Fair Trade Coffee
03. May 2012
It's hard to imagine Berlin's hotels and restaurants without these two. Not only have they introduced the German capital to Austrian coffee house culture, they're also responsible for importing the best coffee beans in the world. Elisabeth and Wilhelm Andraschko are constantly on the scout for new and better beans and they're currently roasting five different coffee blends in Kreuzberg. We spoke to them about contemporary coffee farming and the truth behind Fairtrade labels.
Let's talk about the Fairtrade label. Was it called to life because the coffee industry wasn't paying their workers enough?

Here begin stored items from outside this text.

(* Let $G$ be a finite abelian group with $|G|>1$, let $p(G)$ be the smallest prime dividing $|G|$, and let $S\subset G$ with $|S|\leqslant\log_2p(G)$. Then one can assign to each non-empty subset $X\subseteq S$ an element $s_X\in X$ with the following property. For all non-empty $X,Y\subseteq S$, the only solution of $x+y=s_X+s_Y$ with $x\in X$ and $y\in Y$ is $(x,y)=(s_X,s_Y)$. *)

From mathcomp Require Import all_boot all_order all_algebra.
Set Implicit Arguments. Unset Strict Implicit. Unset Printing Implicit Defensive.

From mathcomp Require Import all_boot all_order all_algebra fingroup cyclic.
Import GRing.Theory Num.Theory Order.TTheory.
Local Open Scope ring_scope.
Set Implicit Arguments. Unset Strict Implicit. Unset Printing Implicit Defensive.

(* Enumerate S as g : 'I_k -> G and look for a weight w : 'I_k -> Q that is
   injective and a Freiman 2-homomorphism (g a + g b = g c + g d implies
   w a + w b = w c + w d); then s_X := the element of X of largest weight works,
   since x + y = s_X + s_Y forces w x + w y = w s_X + w s_Y with w x <= w s_X
   and w y <= w s_Y.
   Freiman weights form the rational kernel of the integer matrix whose rows are
   the relations e_a + e_b - e_c - e_d.  If none separated x from y, then
   e_x - e_y would lie in its row space, and Cramer's rule would write
   D (e_x - e_y) as an integer combination of relations, D a nonzero square
   minor.  Each row is a sum of two rows of an oriented incidence matrix, which
   is totally unimodular, so 0 < |D| <= 2^k < p(G).  Evaluating at g turns the
   combination into D (g x - g y) = 0 in G, and D is prime to |G|, so g x = g y.
   A generic rational combination of separating weights separates all pairs. *)

Lemma det_eq0_mulmx_const1 (R : idomainType) n (A : 'M[R]_n.+1) :
  A *m (const_mx 1 : 'cV_n.+1) = 0 -> \det A = 0.
Proof.
move=> A1; have := congr1 (mulmx (\adj A)) A1.
rewrite mulmxA mul_adj_mx mul_scalar_mx mulmx0 => /matrixP/(_ 0 0).
by rewrite !mxE mulr1.
Qed.

Definition incidence_mx {R : pzRingType} n (a b : 'I_n -> option 'I_n) : 'M[R]_n :=
  \matrix_(i, j) ((Some j == a i)%:R - (Some j == b i)%:R).

Lemma sum_eq_Some (R : pzSemiRingType) n (c : 'I_n) :
  \sum_j ((Some j == Some c)%:R : R) = 1.
Proof.
rewrite (bigD1 c) //= eqxx big1 ?addr0 // => j /negbTE jc.
by rewrite (inj_eq Some_inj) jc.
Qed.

We tend to think that all of these labels are the same. You can't compare the coffee industry with the textile industry. You don't have inhumane conditions like child labor in the coffee industry.
Is child labor a critical factor for the industry because children provide cheap labor? Or do families depend on the children helping out?
Child labor is being handled differently nowadays. Of course, there are limits, like when there are health hazards involved or when children stop going to school. I know that it's common in Guatemala and other Central American countries for young boys to go coffee picking instead of going to school.
In these countries, where there are systems of farming cooperatives, you have no control over the fact that there might be 15 year olds working on the fields. But you'll just as well have the whole family harvesting grapes in Austria during wine harvest season. It's a whole other story when children are employed for cheap labor by larger economical enterprises. In those cases, they're forced to carry heavy loads and can't go to school. It's important to draw the line here. We only buy from farmers that grow premium quality coffee, which means that their pickers know what they're doing.
What does that mean exactly?
The beans have to be plucked off the coffee trees correctly. There is only a small time slot for harvesting the beans. The pickers have to work fast and precise to prevent the ripe cherries from fermenting on the trees, which will flaw the product. You can only make good coffee with well-trained pickers. If you're well-trained, you will be payed accordingly. If coffee farmers refuse to meet the criteria for a certificate, there should be consequences for that, without exception. But the fact of the matter is: How is one institution supposed to control every industry in the world? That's simply impossible. It would take a Chinese army.
If I, the end consumer, pick up a pack of Fairtrade coffee, the certificate suggests that the resources are being dealt with responsibly. But now you're saying it's incontrollable?
It's just physically impossible. There would need to be more personnel.
So why is the industry giving out these certificates when there really isn't a way to control what's behind it?
It's an arrangement between those issuing the certificates and those that want to be issued one. For example: In Kenia, we negotiated with a farm that adheres to the most modern principles. Their quality and revenues are twice as high as those of the cooperative next door. They're only a little smallholder cooperative, each farmer owns around 100 coffee trees next to his other sources of income, like goat herding for example. This cooperative profits from its Fairtrade seal because Fairtrade offers guaranteed absorption.
...Because consumers will dig deeper into their pockets when they're feeling emotional?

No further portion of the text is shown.